Demography. Brazil is reaping a big demographic dividend. In 1964, its fertility rate (the average number of children a woman can expect to have during her lifetime) was 6.2. It fell to 2.5 in 1996, and is now below replacement level, at 1.8, one of the sharpest drops in the world. The result has been a collapse in the dependency ratio—the number of children and old people dependent on each working-age adult. As recently as the 1990s, that ratio was 90 to 100 (ie, there were 90 dependents, mostly children, for each for every 100 Brazilians of working age). It is now 48 to 100. Thanks to this, Brazil no longer has to build schools, hospitals, universities and other social institutions helter-skelter to keep pace with population growth. Eventually, the ratio will creep back up as today’s workforce enters retirement, but such problems remain decades ahead. In the meantime, Brazil can pay more attention to the quality rather than the quantity of its social spending, which should, in theory, improve the population’s education, health, and work skills.
Urbanisation. Urbanisation both encourages economic growth and accompanies it. But it also causes problems. “Many of the worst contemporary problems in Brazil,” Mr Ricupero says, such as “lack of educational and health facilities, poor public transportation, marginalisation and criminality, stem from [an] inability to cope with internal migrations in an orderly and planned way.” That is now changing, he argues. The waves of migrants out of the countryside and into the cities have more or less finished. Brazil is now largely an urban country: about four-fifths of the population lives in cities. “For Brazil,” he concludes, “the period of frantic and chaotic growth of big cities that is now taking place in Asia and Africa is already a thing of the past.”

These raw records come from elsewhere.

Lemma cap_C_ge_profile : gt (d%:R * (alpha + 1 + r)) * alpha <= cap_C mu g alpha A.
Proof.
apply: (cap_C_ge mA muA g01 L_ge0 g_lip (Q := box 0 (const_mx (alpha + 1)))) => //.
- by apply: sub_sigma_algebra; do 2 eexists.
- rewrite is_lebesgue_cube ?lee_fin //; last by rewrite addr_ge0 // ltW.
  have alpha1_ge1 : 1 <= alpha + 1 by rewrite lerDr ltW.
  by rewrite (le_trans _ (ler_eXnr d_gt0 alpha1_ge1)) // lerDl.
move=> x Qx; apply: (cap_f_ge_cst mA muA L_ge0 g_lip) => [|y Ay].
  by apply: profile_ge0; rewrite mulr_ge0 // ltW.
rewrite g_radial profile_le ?eucl_norm_ge0 //.
apply: eucl_norm_le_coord_bound => [|i]; first exact: ltW.
rewrite !mxE (le_trans (ler_normB _ _)) // lerD //.
  by have := Qx i; rewrite !mxE => /andP[? ?]; rewrite ger0_norm // ltW.
exact: le_trans (coord_le_mx_norm y i) (A_r Ay).
Qed.

Lemma cap_f_far x (rho : R) : 0 <= rho -> d%:R * (rho + 1 + r) <= eucl_norm x ->
  (cap_f mu g A x <= (gt (rho + 1) * alpha)%:E)%E.
Proof.
move=> rho_ge0 x_far.
apply: (cap_f_le_cst mA muA g01 L_ge0 g_lip) => [|y Ay]; first by apply: profile_ge0; lra.
rewrite g_radial profile_le //; first lra.
apply: le_trans (mx_norm_le_eucl_norm _).
have : rho + 1 + r <= `|x|.
  by rewrite -(@ler_pM2l _ d%:R) ?ltr0n // (le_trans x_far) // eucl_norm_le_mx_norm.
by have := lerB_dist x y; have := A_r Ay; lra.
Qed.

Lemma cap_next_sub_eball :
  cap_next mu g alpha A `<=` eball0 (d%:R * (d%:R * (alpha + 1 + r) + 1 + r)).
Proof.
set rho := d%:R * (alpha + 1 + r).
have rho_gt0 : 0 < rho by rewrite mulr_gt0 ?ltr0n.
move=> x A1x; rewrite /eball0 /= ltNge; apply/negP => /(cap_f_far (ltW rho_gt0)) f_far.
have gt_lt : gt (rho + 1) < gt rho.
  by rewrite (ltr0_derive1_lt_oy gt_derive) ?in_itv /= ?andbT ?ltrDl // ltr_wpDr.
have : ((gt rho * alpha)%:E <= (gt (rho + 1) * alpha)%:E)%E.
  by apply: le_trans f_far; apply: le_trans A1x; rewrite lee_fin cap_C_ge_profile.
by rewrite lee_fin ler_pM2r // leNgt gt_lt.
Qed.

End cap_step_bounded.

Theorem lemma7 (R : realType) (d : nat)
    (mu : {measure set (Rd R d) -> \bar R}) (g : 'rV[R]_d -> R)
    (alpha : R) (A0 : set 'rV[R]_d) :
  is_lebesgue mu ->
  kernel_assumptions g ->
  0 < alpha ->
  compact A0 ->
  mu A0 = alpha%:E ->
  exists Rad : R, 0 < Rad /\ cap_next mu g alpha A0 `<=` eball0 Rad.
Proof.
move=> mu_box [g01 [[gt [g_radial gt_derive]] [g0 [_ [[L [L_ge0 g_lip]] _]]]]].
move=> alpha_gt0 A0_compact muA0.
have [d0|d_gt0] := posnP d.
  by subst d; exists 1; split => // x _; rewrite /eball0 /= /eucl_norm big_ord0 sqrtr0.
have mA0 : @measurable _ (Rd R d) A0.
  by apply: closed_measurable_rV; exact: compact_closed.
have [r r_ge0 A0_r] := compact_norm_bounded A0_compact.
eexists; split; last first.
  exact: (cap_next_sub_eball d_gt0 mu_box alpha_gt0 mA0 muA0 r_ge0 A0_r
            g01 g0 g_radial gt_derive L_ge0 g_lip).
have d_pos : 0 < d%:R :> R by rewrite ltr0n.
have rho_gt0 : 0 < d%:R * (alpha + 1 + r) by rewrite mulr_gt0 //; lra.
by rewrite mulr_gt0 //; lra.
Qed.
Lemma Delta_exprn_ge q : Delta m n p q -> 15/16 * p ^+ m <= q ^+ n.
Proof.
case/DeltaP => hq [a Aa [b Ab eab]].
have /andP[a15 _] := Apq_bounds hp hq Aa.
have /andP[_ b1] := Apq_bounds hp hq Ab.
have /andP[pm0 _] := exprn_bounds hp m.
have /andP[qn0 _] := exprn_bounds hq n.
nra.
Qed.

Definition coding_gap q w1 w2 : R :=
  q ^+ n * word_map p q w2 0 - p ^+ m * word_map p q w1 0.

Lemma Delta_coding_gap q v k : Delta m n p q -> q <= v -> v < 1/16 -> exists w1 w2,
  [/\ w1 \in words k.+1, w2 \in words k.+1, (1 < head 0%N w2)%N &
    `|coding_gap q w1 w2| <= p ^+ m * word_ratio p v w1 + v ^+ n * word_ratio p v w2].
Proof.
case/DeltaP => hq [a Aa [b Ab eab]] qv v16.
have hv : 0 < v < 1/16 by case/andP: hq => q0 _; rewrite v16 andbT; lra.
have [w1 [z1 [w1k _ Kz1 az]]] := Apq_coding hp hq k Aa.
have [w2 [z2 [w2k w21 Kz2 bz]]] := Apq_coding hp hq k Ab.
exists w1, w2; split => //.
have /andP[a0 a1] := word_map_sub0 hp hq w1 (Kpq_sub01 hp hq Kz1).
have /andP[b0 b1] := word_map_sub0 hp hq w2 (Kpq_sub01 hp hq Kz2).
have /andP[pm0 _] := exprn_bounds hp m.
have /andP[qn0 _] := exprn_bounds hq n.
have qvn : q ^+ n <= v ^+ n.
  by case/andP: hq => q0 _; rewrite lerXn2r // nnegrE ltW // (lt_le_trans q0).
have -> : coding_gap q w1 w2 = p ^+ m * (a - word_map p q w1 0) -
    q ^+ n * (b - word_map p q w2 0) by rewrite /coding_gap !mulrBr eab; ring.
rewrite az bz; apply: le_trans (ler_normB _ _) _.
rewrite !normrM !ger0_norm //; apply: lerD.
  by apply: ler_wpM2l => //; apply: le_trans a1 _; exact: word_ratio_le.
by apply: ler_pM => //; apply: le_trans b1 _; exact: word_ratio_le.
Qed.

Hypothesis hn : (0 < n)%N.
(* Otherwise there are s_n <= 1/(n+1) with |T(s_n)| > n+1, although every
   orbit T(s_n)x converges to x: this contradicts uniform boundedness. *)
Lemma C0_bounded_near0 : exists n : nat,
  forall s, 0 <= s -> s <= n.+1%:R^-1 -> forall x, `|T s x| <= n.+1%:R * `|x|.
Proof.
apply/not_existsP => unbounded.
have /choice[g g_bad] : forall n : nat, exists p : R * X,
    [/\ 0 <= p.1, p.1 <= n.+1%:R^-1 & n.+1%:R * `|p.2| < `|T p.1 p.2|].
  move=> n; have /existsNP[s /not_implyP[s0 /not_implyP[sn /existsNP[x Tx]]]] :=
    unbounded n.
  by exists (s, x); split => //=; rewrite ltNge; exact/negP.
have [|||K gK] := uniform_boundedness (fun n => T (g n).1).
- by move=> n; have [s0 _ _] := g_bad n; exact: T_lin.
- by move=> n; have [s0 _ _] := g_bad n; exact: T_cont.
- move=> x; have : cvgn (fun n => T (g n).1 x).
    by apply/cvg_ex; exists x; apply: C0_cvg_small_times => n; have [-> ->] := g_bad n.
  move=> /cvg_seq_bounded/ex_bound[|K gxK]; first exact: (@globally_properfilter _ _ 0%N).
  by exists K => n; exact: gxK.
have [_ _] := g_bad (Num.trunc K).
rewrite ltNge => /negP; apply; rewrite (le_trans (gK _ _)) // ler_wpM2r //.
exact/ltW/truncnS_gt.
Qed.

Lemma C0_bound_pow (d M : R) : 0 < d -> 1 <= M ->
    (forall s, 0 <= s -> s <= d -> forall x, `|T s x| <= M * `|x|) ->
  forall k : nat, forall s, 0 <= s -> s <= k%:R * d -> forall x,
    `|T s x| <= M ^+ k * `|x|.
Proof.
move=> d0 M1 TM; elim=> [|k IHk] s s0 sk x.
  have -> : s = 0 by apply/eqP; rewrite eq_le s0 andbT -(mul0r d).
  by rewrite T0 expr0 mul1r.
have [sd|ds] := leP s d.
  by rewrite (le_trans (TM _ s0 sd x)) // ler_wpM2r // ler_eXnr.
have sd0 : 0 <= s - d by rewrite subr_ge0 ltW.
rewrite -(subrK d s) TD ?(ltW d0) // (le_trans (IHk _ sd0 _ _)) //.
  by rewrite lerBlDr -[d in _ + d]mul1r -mulrDl natr1.
rewrite exprSr -mulrA ler_wpM2l ?exprn_ge0 ?(le_trans ler01) //.
exact: TM (ltW d0) (lexx d) x.
Qed.

Lemma C0_locally_bounded (tau : R) : exists2 M, 1 <= M &
  forall s, 0 <= s -> s <= tau -> forall x, `|T s x| <= M * `|x|.
Proof.
have [n Tn] := C0_bounded_near0; set d : R := n.+1%:R^-1 in Tn.
have d0 : 0 < d by rewrite invr_gt0.
have M1 : 1 <= n.+1%:R :> R by rewrite ler1n.
exists (n.+1%:R ^+ (Num.trunc (tau / d)).+1); first exact: exprn_ege1.
move=> s s0 stau; apply: (C0_bound_pow _ _ d0 M1 Tn) => //; apply: (le_trans stau).
by rewrite -ler_pdivrMr // ltW // truncnS_gt.
Qed.

Lemma C0_sg_quot_comm y v t : 0 <= t ->
  sg_quot T y @ 0^'+ --> v -> sg_quot T (T t y) @ 0^'+ --> T t v.
Proof.
move=> t0 yv; apply: (cvg_trans _ (continuous_cvg _ (T_cont t0 v) yv)).
apply: near_eq_cvg; near=> h; have h0 : 0 <= h by near: h; exact: nbhs_right_ge.
by rewrite /sg_quot /= (linZ (T_lin t0)) (linB (T_lin t0)) -TD // [t + h]addrC TD.
Unshelve. all: by end_near. Qed.

Section RiemannMeans.
Variable M : R.
Hypothesis M_ge0 : 0 <= M.
Hypothesis T_bounded : forall s, 0 <= s -> s <= 2 -> forall x, `|T s x| <= M * `|x|.

Lemma riemann_mean_refine (N L : nat) x e : (0 < N)%N -> (0 < L)%N ->
    (forall s, 0 <= s -> s <= N%:R^-1 -> `|T s x - x| <= e) ->
  `|riemann_mean T (N * L) x - riemann_mean T N x| <= M * e.
Proof.
move=> N0 L0 xe.
have Nr : 0 < N%:R :> R by rewrite ltr0n.
have Lr : 0 < L%:R :> R by rewrite ltr0n.
have kN0 (k : 'I_N) : 0 <= k%:R / N%:R :> R by rewrite divr_ge0.
have kN2 (k : 'I_N) : k%:R / N%:R <= 2 :> R.
  rewrite (@le_trans _ _ 1) ?ler1n // ler_pdivrMr // mul1r ler_nat ltnW //.
have iNL0 (i : 'I_L) : 0 <= i%:R / (N * L)%:R :> R by rewrite divr_ge0.
pose u := L%:R^-1 *: \sum_(i < L) (T (i%:R / (N * L)%:R) x - x).
have Tu (k : 'I_N) : T (k%:R / N%:R) u =
    L%:R^-1 *: \sum_(i < L) T ((k * L + i)%N%:R / (N * L)%:R) x - T (k%:R / N%:R) x.
  rewrite /u (linZ (T_lin (kN0 k))) (lin_sum (T_lin (kN0 k))).
  under eq_bigr do rewrite (linB (T_lin (kN0 k))) -TD ?kN0 ?iNL0 //.
  rewrite sumrB sumr_const card_ord scalerBr -[T _ x *+ L]scaler_nat scalerA.
  rewrite mulVf ?gt_eqF // scale1r; congr (_ *: _ - _); apply: eq_bigr => i _.
  by congr (T _ x); rewrite natrD !natrM; field; rewrite ?gt_eqF.
have -> : riemann_mean T (N * L) x - riemann_mean T N x =
    N%:R^-1 *: \sum_(k < N) T (k%:R / N%:R) u.
  under [in RHS]eq_bigr do rewrite Tu.
  rewrite sumrB scalerBr /riemann_mean -scaler_sumr scalerA -invfM -natrM.
  by rewrite (sumr_ord_mul (fun j => T (j%:R / (N * L)%:R) x)).
apply: ler_norm_mean => // k; rewrite (le_trans (T_bounded _ (kN0 k) (kN2 k) _)) //.
rewrite ler_wpM2l // ler_norm_mean // => i; apply: xe => //.
rewrite ler_pdivrMr ?ltr0n ?muln_gt0 ?N0 // natrM mulrA mulVf ?gt_eqF // mul1r.
by rewrite ler_nat ltnW.
Qed.
Lemma Xn_length_of_two_nonunits (c x : R) n :
  c \isn't a GRing.unit -> x \isn't a GRing.unit -> c != 0 -> x != 0 -> x != c ->
  (6 <= n)%N -> is_length ('X^n : {poly R}) (n - 3).
Proof.
move=> cN xN c_neq0 x_neq0 xc n_ge6.
have [xc0 | xc_neq0] := eqVneq (x + c) 0.
  have cc_neq0 : c + c != 0.
    by apply: contraNneq xc => cc0; apply/eqP/(addIr c); rewrite xc0 cc0.
  apply: (@Xn_length_of_nonunits c c (- (c + c))) => //.
  - by rewrite unitrN hloc.
  - by rewrite oppr_eq0.
  - by rewrite subrr.
apply: (@Xn_length_of_nonunits x c (- (x + c))) => //.
- by rewrite unitrN hloc.
- by rewrite oppr_eq0.
- by rewrite subrr.
Qed.

Section FourElementRing.
Variable c : R.
Hypotheses (c_nonunit : c \isn't a GRing.unit) (c_neq0 : c != 0).
Hypothesis nonunit_0c : forall x : R, x \isn't a GRing.unit -> x = 0 \/ x = c.

Lemma mulr_unit_nonunit u x : u \is a GRing.unit -> x \isn't a GRing.unit -> u * x = x.
Proof.
move=> uU /nonunit_0c [->|->]; first by rewrite mulr0.
case: (nonunit_0c (nonunitMl u c_nonunit)) => // uc0.
by move: c_neq0; rewrite -(mulKr uU c) uc0 mulr0 eqxx.
Qed.

Lemma add_self_eq0 : c + c = 0.
Proof.
case: (nonunit_0c (hloc c_nonunit c_nonunit)) => // cc.
by move: c_neq0; rewrite -(addrK c c) cc subrr eqxx.
Qed.

Lemma unit_subr1_nonunit (r : R) : r \is a GRing.unit -> r - 1 \isn't a GRing.unit.
Proof.
move=> rU; apply/negP => r1U.
have := mulr_unit_nonunit r1U c_nonunit.
rewrite mulrBl mul1r (mulr_unit_nonunit rU c_nonunit) subrr => /eqP.
by rewrite eq_sym (negPf c_neq0).
Qed.

Lemma uniq_size_le4 (s : seq R) : uniq s -> (size s <= 4)%N.
Proof.
move=> s_uniq; suff /(uniq_leq_size s_uniq) : {subset s <= [:: 0; c; 1; 1 + c]} by [].
move=> r _; rewrite !inE.
have [rU | /nonunit_0c [->|->]] := boolP (r \is a GRing.unit); rewrite ?eqxx ?orbT //.
case: (nonunit_0c (unit_subr1_nonunit rU)) => /eqP.
  by rewrite subr_eq0 => ->; rewrite !orbT.
by rewrite subr_eq addrC => ->; rewrite !orbT.
Qed.

Lemma polyC_mul_nonunit_coefs u p :
  u \is a GRing.unit -> nonunit_coefs p -> u%:P * p = p.
Proof. by move=> uU pN; apply/polyP => i; rewrite coefCM mulr_unit_nonunit. Qed.

Lemma prod_unit_monomial_add (I : eqType) (s : seq I) (u : I -> R) (t : I -> nat)
    (g : I -> {poly R}) :
  {in s, forall i, u i \is a GRing.unit /\ nonunit_coefs (g i)} ->
  \prod_(i <- s) ((u i)%:P * 'X^(t i) + g i) =
    (\prod_(i <- s) u i)%:P * 'X^(\sum_(i <- s) t i)
      + \sum_(i <- s) 'X^(\sum_(j <- s) t j - t i) * g i.
Proof.
elim: s => [|i s IH] s_split; first by rewrite !big_nil expr0 mulr1 addr0.
have [uiU giN] := s_split i (mem_head i s).
have {}s_split : {in s, forall j, u j \is a GRing.unit /\ nonunit_coefs (g j)}.
  by move=> j j_in; apply: s_split; rewrite inE j_in orbT.
rewrite !big_cons {}IH // polyCM exprD.
set T := \sum_(j <- s) t j; set G := \sum_(j <- s) 'X^(T - t j) * g j.
have GN : nonunit_coefs G.
  by apply: nonunit_coefs_sum => j /s_split[_ gjN]; exact: nonunit_coefsXnM.
have -> : \sum_(j <- s) 'X^(t i + T - t j) * g j = 'X^(t i) * G.
  rewrite /G big_distrr /= !big_seq; apply: eq_bigr => j j_in.
  by rewrite mulrA -exprD addnBA // /T (big_rem j j_in) leq_addr.
rewrite addKn.
have uiG : (u i)%:P * ('X^(t i) * G) = 'X^(t i) * G.
  by apply: polyC_mul_nonunit_coefs; last exact: nonunit_coefsXnM.
have Ugi : (\prod_(j <- s) u j)%:P * ('X^T * g i) = 'X^T * g i.
  apply: polyC_mul_nonunit_coefs; last exact: nonunit_coefsXnM.
  by apply: unitr_prod_in => j /s_split[].
have giG : g i * G = 0 by exact: nonunit_coefsM0.
transitivity ((u i)%:P * (\prod_(j <- s) u j)%:P * ('X^(t i) * 'X^T)
  + (u i)%:P * ('X^(t i) * G) + (\prod_(j <- s) u j)%:P * ('X^T * g i) + g i * G).
  by ring.
by rewrite uiG Ugi giG; ring.
Qed.

Lemma count_udeg_even n (s : seq {poly R}) M :
  'X^n = \prod_(f <- s) f -> {in s, forall f, poly_irreducible f} ->
  (2 <= M <= n)%N -> {in s, forall f, udeg f <= M}%N ->
  ~~ odd (count (fun f => udeg f == M) s).
Proof.
move=> Xn_prod s_irr /andP[M_ge2 M_le] s_leM.
have [s_mono s_sum] := Xn_factors_monomial Xn_prod.
have s_split : {in s, forall f, ucoef f \is a GRing.unit /\ nonunit_coefs (urest f)}.
  by move=> f /s_mono[f_deg f_ord]; split; [case: f_deg | exact: urest_nonunit_coefs f_deg f_ord].
have coef_term : {in s, forall f, ('X^(n - udeg f) * urest f)`_(n - M) =
                                  if udeg f == M then c else 0}.
  move=> f f_in; have [f_deg f_ord] := s_mono f f_in.
  have f_le_n : (udeg f <= n)%N by rewrite -s_sum (big_rem f f_in) leq_addr.
  rewrite coefXnM; case: eqP => [fM | fM]; last by rewrite ifT //; have := s_leM f f_in; lia.
  have f_pos : (0 < udeg f)%N by lia.
  rewrite fM ltnn subnn /urest coefB coefCM coefXn eq_sym (gtn_eqF f_pos) mulr0 subr0.
  have f0N : f`_0 \isn't a GRing.unit by case: f_ord => _; apply; lia.
  have := irreducible_coef0_neq0 (s_irr f f_in) f_deg ltac:(lia).
  by case: (nonunit_0c f0N) => ->; rewrite ?eqxx.
have := congr1 (fun p => p`_(n - M)) Xn_prod => /=.
rewrite (eq_bigr _ (fun f _ => urestE f)) prod_unit_monomial_add // s_sum.
rewrite coefD coefCM coef_sum !coefXn ltn_eqF; last lia.
rewrite mulr0 add0r big_seq (eq_bigr _ coef_term) -big_seq -big_mkcond big_const_seq iter_addr_0.
have c_mulrn k : c *+ k = c *+ odd k.
  by rewrite -{1}(odd_double_half k) mulrnDr -mul2n mulrnA mulr2n add_self_eq0 mul0rn addr0.
by move=> /esym; rewrite c_mulrn; case: odd => //= /eqP; rewrite mulr1n (negPf c_neq0).
Qed.

Lemma Xn_no_length n : (6 <= n)%N -> ~ is_length ('X^n : {poly R}) (n - 3).
Proof.
move=> n_ge6 [_ [s [s_size [s_irr Xn_prod]]]].
have [s_mono s_sum] := Xn_factors_monomial Xn_prod.
have s_pos : {in s, forall f, 0 < udeg f}%N.
  by move=> f f_in; exact: irreducible_udeg_gt0 (s_irr f f_in) (s_mono f f_in).1.
have [|M [M_bounds s_leM M_odd]] := sum_excess3_bigmax s_pos.
  by rewrite s_sum s_size; lia.
rewrite s_sum in M_bounds.
by have := count_udeg_even Xn_prod s_irr M_bounds s_leM; rewrite M_odd.
Qed.

End FourElementRing.

End SquareZero.

End LocalRing.
End UnitCoefficients.

Unset Implicit Arguments.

Mr Ricupero is relatively cautious about the conclusion. “The four sets of conditions outlined above,” he says “are by no means sure guarantees of automatic success.” He admits Brazil has fallen behind in infrastructure, for example, and says that, if it had the sort of infrastructure you see in Costa Rica and Chile (the two best examples in Latin America), economic growth would be about two percentage points higher per year. On the other hand, Brazil also has some other advantages: unlike China, Russia and India, it is at peace with its neighbours (all 10 of them). Whether you think all this really amounts to a rejoinder to Mr Wolf is a matter of doubt. Brazil might still remain a relatively small player in the world. Still Mr Ricupero’s points are, at least, actually happening (not things expected in future), can be measured in concrete terms and are long-term (they should continue for decades). Who knows? Perhaps they might even be right.